> Exercise requirements
Would you please return the lines of the entries below starting at the line that has "Lemma spec_le_refl (a : X) : spec_le a a." and ending at the line that has "Lemma compact_meets_bigcap_chain (K", both included, exactly as they are?

> Data supplied
#####

(* Let $k\ge1$, $GP=GP(3k,k)$, and let $\gamma:E(GP)\to\{1,2,3\}$ be a proper edge colouring. Let $(a,b,c)$ be a permutation of $(1,2,3)$ such that $\gamma_1$ is a vertex of $T_\pm$ or of $H_\pm$. Then $$\operatorname{sign}(\gamma)=\prod_{i=1}^k \operatorname{sign}(\gamma_i,\gamma_{i+1}).$$
   Context: $GP(3k,k)$ has vertex set $\{u_i,v_i : i\in\mathbb{Z}_{3k}\}$ and edges $u_iu_{i+1}$, $u_iv_i$, $v_iv_{i+k}$ for $i\in\mathbb{Z}_{3k}$ (indices modulo $3k$). For $i=1,\dots,k+1$ let $\gamma_i=(\gamma(u_iu_{i+1}),\gamma(u_{k+i}u_{k+i+1}),\gamma(u_{2k+i}u_{2k+i+1}))$, written as a string $xyz$. Vertex signs: $\operatorname{sign}_\gamma(u_i)=+$ if $(\gamma(u_{i-1}u_i),\gamma(u_iu_{i+1}),\gamma(u_iv_i))\in\{123,231,312\}$ and $-$ otherwise; $\operatorname{sign}_\gamma(v_i)=+$ if $(\gamma(v_{k+i}v_i),\gamma(v_iv_{2k+i}),\gamma(v_iu_i))\in\{123,231,312\}$ and $-$ otherwise. Then $\operatorname{sign}(\gamma)=\prod_{w\in V(GP)}\operatorname{sign}_\gamma(w)$ (with $+,-$ multiplied as $\pm1$). Given the permutation $(a,b,c)$: $T_\pm$ is the directed graph on vertices $abc,bca,cab$ having both arcs between each pair, with signs $\operatorname{sign}(abc,cab)=\operatorname{sign}(cab,bca)=\operatorname{sign}(bca,abc)=+$ and the three reverse arcs negative. $H_\pm$ is the directed graph on the $6$-cycle $aba-bcc-aab-cbc-baa-ccb-aba$ with both arcs for each edge, where the arcs $aba\to bcc$, $bcc\to aab$, $aab\to cbc$, $cbc\to baa$, $baa\to ccb$, $ccb\to aba$ have sign $+$ and their reverses have sign $-$. $\operatorname{sign}(x,y)$ denotes the sign of the arc from $x$ to $y$. *)

From mathcomp Require Import all_boot all_order all_algebra.
Set Implicit Arguments. Unset Strict Implicit. Unset Printing Implicit Defensive.
Import GRing.Theory Num.Theory.
(* Let $X$ be a $T_0$ space. The following are equivalent: (1) $X$ is $QI_2$-continuous. (2) For every $x\in X$ there exists an irreducible subset $\mathcal F$ of $P_S(X)$ with $\mathcal F\subseteq w(x)$ and $\uparrow x=\bigcap\mathcal F$.
   Context: For a $T_0$ space $X$, the specialization order is $x\le y$ iff $x\in \mathrm{cl}\{y\}$; $\uparrow A=\{x: a\le x\text{ for some } a\in A\}$, $\uparrow x=\uparrow\{x\}$; $A^\uparrow$, $A^\downarrow$ are the sets of upper and lower bounds of $A$, and $A^\delta=(A^\uparrow)^\downarrow$. A nonempty subset $A$ of a space is irreducible if whenever $A\subseteq F_1\cup F_2$ with $F_1,F_2$ closed, $A\subseteq F_1$ or $A\subseteq F_2$. $X^{(<\omega)}$ is the set of nonempty finite subsets of $X$. $P_S(X)$ is the set of nonempty compact saturated (upper) subsets of $X$ with the upper Vietoris topology, basis $\{\square U: U\text{ open}\}$, $\square U=\{Q: Q\subseteq U\}$. For $A\subseteq X$, $x\in X$, $A\ll_{I_2}x$ means: for every irreducible $D\subseteq X$ with $x\in D^\delta$, $A\cap\mathrm{cl}D\ne\emptyset$. For $x\in X$, $w(x)=\{\uparrow F: F\in X^{(<\omega)}, F\ll_{I_2}x\}$. $X$ is $QI_2$-continuous if for every $x\in X$, $w(x)$ is an irreducible subset of $P_S(X)$ and $\uparrow x=\bigcap w(x)$. *)

From mathcomp Require Import all_boot all_order.
From mathcomp Require Import all_classical all_reals all_analysis.
Set Implicit Arguments. Unset Strict Implicit. Unset Printing Implicit Defensive.
Local Open Scope classical_set_scope.

Section QI2.
Variable T : topologicalType.

Definition spec_le (x y : T) : Prop := closure [set y] x.

Definition up_set (A : set T) : set T := [set x | exists2 a, A a & spec_le a x].
Definition up_pt (x : T) : set T := up_set [set x].

Definition upper_bounds (A : set T) : set T := [set y | forall a, A a -> spec_le a y].
Definition lower_bounds (A : set T) : set T := [set y | forall a, A a -> spec_le y a].
Definition delta_cut (A : set T) : set T := lower_bounds (upper_bounds A).

Definition irreducible_wrt {U : Type} (closedP : set U -> Prop) (A : set U) : Prop :=
  A !=set0 /\
  forall F1 F2, closedP F1 -> closedP F2 -> A `<=` F1 `|` F2 -> A `<=` F1 \/ A `<=` F2.

Definition irreducible (A : set T) : Prop := irreducible_wrt closed A.

(* saturated = upper set w.r.t. the specialization order *)
Definition saturated (A : set T) : Prop := up_set A `<=` A.

Definition PS : set (set T) := [set Q | Q !=set0 /\ compact Q /\ saturated Q].

(* upper Vietoris topology on P_S(X): open sets are unions of basic sets
   box U = {Q in P_S(X) | Q `<=` U}, U open in X *)
Definition box (U : set T) : set (set T) := [set Q | PS Q /\ Q `<=` U].

Definition PS_open (O : set (set T)) : Prop :=
  exists I : set (set T), (forall U, I U -> open U) /\
    O = [set Q | exists2 U, I U & box U Q].

Definition PS_closed (C : set (set T)) : Prop :=
  C `<=` PS /\ PS_open (PS `\` C).

Definition PS_irreducible (A : set (set T)) : Prop :=
  A `<=` PS /\ irreducible_wrt PS_closed A.

Definition way_below_I2 (A : set T) (x : T) : Prop :=
  forall D : set T, irreducible D -> delta_cut D x -> A `&` closure D !=set0.

Definition w (x : T) : set (set T) :=
  [set Q | exists F : set T, [/\ finite_set F, F !=set0, way_below_I2 F x & Q = up_set F]].

Definition QI2_continuous : Prop :=
  forall x : T, PS_irreducible (w x) /\ up_pt x = \bigcap_(Q in w x) Q.

End QI2.

From mathcomp Require Import all_boot all_order.
From mathcomp Require Import all_classical all_reals all_analysis.
Set Implicit Arguments. Unset Strict Implicit. Unset Printing Implicit Defensive.
Local Open Scope classical_set_scope.

(** (1) gives (2) with [FF := w x].  Conversely, every member of [w x]
    contains [up_pt x], so [up_pt x = \bigcap (w x)] follows from
    [FF `<=` w x], and [w x] is irreducible as soon as it lies in the closure
    of [FF] in [P_S(X)].  If some [up_set F] in [w x] had a basic neighbourhood
    [box U] missing [FF], every member of [FF] would meet the closed set
    [~` U]; the topological Rudin lemma then yields an irreducible closed
    [B `<=` ~` U] meeting every member of [FF], and [\bigcap FF = up_pt x]
    puts [x] in the cut of [B].  Now [F <<_{I_2} x] forces [F] to meet [B],
    contradicting [up_set F `<=` U]. *)

Lemma irreducible_wrt_set1 {U : Type} (closedP : set U -> Prop) (u : U) :
  irreducible_wrt closedP [set u].
Proof.
split; first by exists u.
by move=> F1 F2 _ _ /(_ u erefl) [F1u|F2u]; [left|right] => _ ->.
Qed.

Lemma irreducible_wrt_dense {U : Type} (closedP : set U -> Prop) (A B : set U) :
  irreducible_wrt closedP A -> A `<=` B ->
  (forall C, closedP C -> A `<=` C -> B `<=` C) ->
  irreducible_wrt closedP B.
Proof.
move=> [[a Aa] irrA] AB Bcl; split; first by exists a; exact: AB.
move=> F1 F2 cF1 cF2 BF.
by have [AF|AF] := irrA F1 F2 cF1 cF2 (subset_trans AB BF); [left|right];
  exact: Bcl.
Qed.

Section SpecializationOrder.
Variable X : topologicalType.

Lemma spec_le_refl (a : X) : spec_le a a.
Proof. exact: subset_closure. Qed.

Lemma spec_le_trans (a b c : X) : spec_le a b -> spec_le b c -> spec_le a c.
Proof.
move=> ab bc B; rewrite nbhsE => -[U [oU Ua] UB].
have [_ [-> Ub]] := ab U (open_nbhs_nbhs (conj oU Ua)).
have [_ [-> Uc]] := bc U (open_nbhs_nbhs (conj oU Ub)).
by exists c; split => //; exact: UB.
Qed.

Lemma saturated_up_set (A : set X) : saturated (up_set A).
Proof. by move=> y [z [a Aa az] zy]; exists a => //; exact: spec_le_trans zy. Qed.

Lemma up_set_bigcup (A : set X) : up_set A = \bigcup_(a in A) up_pt a.
Proof.
apply/seteqP; split=> [y [a Aa ay]|y [a Aa [_ -> ay]]]; last by exists a.
by exists a => //; exists a.
Qed.

Lemma compact_up_pt (a : X) : compact (up_pt a).
Proof.
move=> G PG Ga; exists a; split; first by exists a => //; exact: spec_le_refl.
move=> A B GA Ba; have [y [Ay [_ -> ay]]] := filter_ex (filterI GA Ga).
by have [_ [-> By]] := ay B Ba; exists y.
Qed.

Lemma compact_up_set (A : set X) : finite_set A -> compact (up_set A).
Proof.
move=> /finite_seqP[s ->]; rewrite up_set_bigcup bigcup_seq.
by apply: bigsetU_compact => a _; exact: compact_up_pt.
Qed.

End SpecializationOrder.

Section TopologicalRudin.
Variable X : topologicalType.

Lemma compact_meets_bigcap_chain (K : set X) (F : set (set X)) :
  compact K -> F !=set0 -> total_on F subset ->
  (forall B, F B -> closed B /\ K `&` B !=set0) ->
  K `&` \bigcap_(B in F) B !=set0.
Proof.
move=> cK [B0 FB0] totF FB.
pose G := filter_from F (fun B => K `&` B).
have PG : ProperFilter G.
  apply: filter_from_proper; last by move=> B /FB[].
  apply: filter_from_filter; first by exists B0.
  move=> B1 B2 FB1 FB2.
  have [B12|B21] := totF B1 B2 FB1 FB2.
  - by exists B1 => // y [Ky B1y]; split; split => //; exact: B12.
  - by exists B2 => // y [Ky B2y]; split; split => //; exact: B21.
have [p [Kp clp]] := cK G PG (ex_intro2 _ _ B0 FB0 (@subIsetl _ K B0)).
exists p; split => // B FBB; apply: (FB B FBB).1 => N Np.
have [y [[_ By] Ny]] := clp (K `&` B) N (ex_intro2 _ _ B FBB (fun _ h => h)) Np.
by exists y.
Qed.

(* Zorn is applied to the complements [V] of the candidates relative to [C],
   so that unions of chains correspond to intersections and the empty chain
   to [C] itself. *)
Lemma minimal_closed_subset (C : set X) (P : set X -> Prop) :
  closed C -> P C ->
  (forall F : set (set X), F !=set0 -> total_on F subset ->
     (forall B, F B -> closed B /\ P B) -> P (\bigcap_(B in F) B)) ->
  exists2 B, [/\ closed B, B `<=` C & P B] &
    forall B', closed B' -> B' `<=` B -> P B' -> B' = B.
Proof.
move=> cC PC Pchain.
pose Q V := closed (C `&` ~` V) /\ P (C `&` ~` V).
have [V0 [[cB0 PB0] maxV0]] : exists V, Q V /\ forall V', V `<` V' -> ~ Q V'.
  apply: Zorn_bigcup => F QF totF.
  pose G := C |` [set C `&` ~` V | V in F].
  have GQ B : G B -> closed B /\ P B by case=> [->|[V /QF QV <-]].
  rewrite /Q; have -> : C `&` ~` (\bigcup_(V in F) V) = \bigcap_(B in G) B.
    apply/seteqP; split=> [y [Cy nFy] _ [->|[V FV <-]]|y Gy] //.
      by split => // Vy; apply: nFy; exists V.
    split; first exact: Gy (or_introl erefl).
    by move=> [V FV Vy]; have [_] := Gy _ (or_intror (ex_intro2 _ _ V FV erefl)).
  split; first by apply: closed_bigI => B /GQ[].
  apply: Pchain => // [|B1 B2 GB1 GB2]; first by exists C; left.
  case: GB1 GB2 => [->|[V1 FV1 <-]] [->|[V2 FV2 <-]];
    do ?by [left|right] => y [].
  have [V12|V21] := totF V1 V2 FV1 FV2.
  - by right => y [Cy nV2y]; split => // /V12.
  - by left => y [Cy nV1y]; split => // /V21.
exists (C `&` ~` V0); first by split => // y [].
move=> B cB BB0 PB.
have BC : B `<=` C by move=> y /BB0[].
have QB : Q (~` B) by rewrite /Q setCK setIidr.
have V0B : V0 `<=` ~` B by move=> y V0y By; exact: (BB0 y By).2.
suff -> : V0 = ~` B by rewrite setCK setIidr.
apply: contrapT => neq; apply: (maxV0 (~` B)) => //; split => // BV0.
by apply: neq; apply/seteqP; split.
Qed.

Lemma PS_closed_meets (E : set X) : closed E ->
  PS_closed [set K | PS K /\ K `&` E !=set0].
Proof.
move=> cE; split; first by move=> K [].
exists [set ~` E]; split; first by move=> _ ->; exact: closed_openC.
apply/seteqP; split=> K.
  move=> [PSK nKE]; exists (~` E) => //; split => // y Ky Ey.
  by apply: nKE; split => //; exists y.
by move=> [_ -> [PSK KE]]; split => // -[_ [y [Ky Ey]]]; exact: KE Ey.
Qed.

(* A minimal closed subset of [C] meeting every member of [A] exists by
   compactness of the members, and is irreducible by irreducibility of [A]. *)
Lemma topological_rudin (A : set (set X)) (C : set X) :
  PS_irreducible A -> closed C -> (forall K, A K -> K `&` C !=set0) ->
  exists B, [/\ closed B, B `<=` C, irreducible B &
                forall K, A K -> K `&` B !=set0].
Proof.
move=> [APS [[K0 AK0] irrA]] cC AC.
pose meets B := forall K, A K -> K `&` B !=set0.
have /(minimal_closed_subset cC AC)[B [cB BC meetsB] minB] :
    forall F, F !=set0 -> total_on F subset ->
      (forall B, F B -> closed B /\ meets B) -> meets (\bigcap_(B in F) B).
  move=> F F0 totF FB K AK; have [_ [cK _]] := APS K AK.
  by apply: compact_meets_bigcap_chain => // B /FB[cB /(_ K AK)].
exists B; split => //; split; first by have [y [_ By]] := meetsB K0 AK0; exists y.
move=> F1 F2 cF1 cF2 BF.
have AF : A `<=` [set K | PS K /\ K `&` (B `&` F1) !=set0] `|`
                 [set K | PS K /\ K `&` (B `&` F2) !=set0].
  move=> K AK; have [y [Ky By]] := meetsB K AK.
  by case: (BF y By) => Fy; [left|right]; split; try exact: APS; exists y.
have shrink F : closed F ->
    A `<=` [set K | PS K /\ K `&` (B `&` F) !=set0] -> B `<=` F.
  move=> cF AF'; rewrite -(minB (B `&` F) (closedI cB cF) (@subIsetl _ B F)).
    exact: subIsetr.
  by move=> K /AF'[].
have [AF1|AF2] := irrA _ _ (PS_closed_meets (closedI cB cF1))
                           (PS_closed_meets (closedI cB cF2)) AF.
- by left; exact: shrink AF1.
- by right; exact: shrink AF2.
Qed.

End TopologicalRudin.

Section WayBelowFamily.
Variable X : topologicalType.

Lemma up_pt_sub_w (x : X) (Q : set X) : w x Q -> up_pt x `<=` Q.
Proof.
move=> [F [_ _ wbF ->]] y [_ -> xy].
have dx : delta_cut [set x] x by move=> z; exact.
have [a [Fa ax]] := wbF [set x] (irreducible_wrt_set1 _ x) dx.
by exists a => //; exact: spec_le_trans xy.
Qed.

Lemma w_sub_PS (x : X) : w x `<=` @PS X.
Proof.
move=> _ [F [fF [a Fa] _ ->]]; split.
  by exists a; exists a => //; exact: spec_le_refl.
by split; [exact: compact_up_set|exact: saturated_up_set].
Qed.

Lemma delta_cut_meets (FF : set (set X)) (B : set X) (x : X) :
  (forall K, FF K -> saturated K) -> up_pt x = \bigcap_(K in FF) K ->
  (forall K, FF K -> K `&` B !=set0) -> delta_cut B x.
Proof.
move=> satFF e meetsB y ubB.
suff [_ -> //] : up_pt x y.
rewrite e => K FFK; have [d [Kd Bd]] := meetsB K FFK.
by apply: (satFF K FFK); exists d => //; exact: ubB.
Qed.

Lemma w_sub_PS_closed (FF : set (set X)) (x : X) (C : set (set X)) :
  PS_irreducible FF -> FF `<=` w x -> up_pt x = \bigcap_(Q in FF) Q ->
  PS_closed C -> FF `<=` C -> w x `<=` C.
Proof.
move=> [FFPS irrFF] FFw e [_ [I [Iopen eC]]] FFC Q wQ.
apply: contrapT => nCQ.
have [U IU [_ QU]] : [set Q | exists2 U, I U & box U Q] Q.
  by rewrite -eC; split => //; exact: w_sub_PS wQ.
have FFmeets K : FF K -> K `&` ~` U !=set0.
  move=> FFK; apply: contrapT => nKU.
  have : (@PS X `\` C) K.
    rewrite eC; exists U => //; split; first exact: FFPS.
    by move=> y Ky; apply: contrapT => nUy; apply: nKU; exists y.
  by move=> [_]; apply; exact: FFC.
have [B [cB BU irrB meetsB]] :=
  topological_rudin (conj FFPS irrFF) (open_closedC (Iopen U IU)) FFmeets.
have [F [_ _ wbF eQ]] := wQ.
have dB := delta_cut_meets (fun K FFK => (FFPS K FFK).2.2) e meetsB.
have [a [Fa Ba]] := wbF B irrB dB.
apply: (BU a (cB a Ba)); apply: QU; rewrite eQ.
by exists a => //; exact: spec_le_refl.
Qed.

End WayBelowFamily.

Theorem proposition4p5 (X : topologicalType) :
  kolmogorov_space X ->
  (QI2_continuous X <->
   forall x : X, exists FF : set (set X),
     [/\ PS_irreducible FF, FF `<=` w x & up_pt x = \bigcap_(Q in FF) Q]).
Proof.
move=> _; split=> [cont x|H x].
  by have [irr e] := cont x; exists (w x); split.
have [FF [irrFF FFw e]] := H x.
split.
  split; first exact: w_sub_PS.
  apply: (irreducible_wrt_dense irrFF.2 FFw) => C.
  exact: w_sub_PS_closed irrFF FFw e.
apply/seteqP; split=> [y xy Q wQ|y wy]; first exact: up_pt_sub_w wQ y xy.
by rewrite e => Q FFQ; exact: wy Q (FFw Q FFQ).
Qed.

#####

> Completed task
Lemma spec_le_refl (a : X) : spec_le a a.
Proof. exact: subset_closure. Qed.

Lemma spec_le_trans (a b c : X) : spec_le a b -> spec_le b c -> spec_le a c.
Proof.
move=> ab bc B; rewrite nbhsE => -[U [oU Ua] UB].
have [_ [-> Ub]] := ab U (open_nbhs_nbhs (conj oU Ua)).
have [_ [-> Uc]] := bc U (open_nbhs_nbhs (conj oU Ub)).
by exists c; split => //; exact: UB.
Qed.

Lemma saturated_up_set (A : set X) : saturated (up_set A).
Proof. by move=> y [z [a Aa az] zy]; exists a => //; exact: spec_le_trans zy. Qed.

Lemma up_set_bigcup (A : set X) : up_set A = \bigcup_(a in A) up_pt a.
Proof.
apply/seteqP; split=> [y [a Aa ay]|y [a Aa [_ -> ay]]]; last by exists a.
by exists a => //; exists a.
Qed.

Lemma compact_up_pt (a : X) : compact (up_pt a).
Proof.
move=> G PG Ga; exists a; split; first by exists a => //; exact: spec_le_refl.
move=> A B GA Ba; have [y [Ay [_ -> ay]]] := filter_ex (filterI GA Ga).
by have [_ [-> By]] := ay B Ba; exists y.
Qed.

Lemma compact_up_set (A : set X) : finite_set A -> compact (up_set A).
Proof.
move=> /finite_seqP[s ->]; rewrite up_set_bigcup bigcup_seq.
by apply: bigsetU_compact => a _; exact: compact_up_pt.
Qed.

End SpecializationOrder.

Section TopologicalRudin.
Variable X : topologicalType.

Lemma compact_meets_bigcap_chain (K : set X) (F : set (set X)) :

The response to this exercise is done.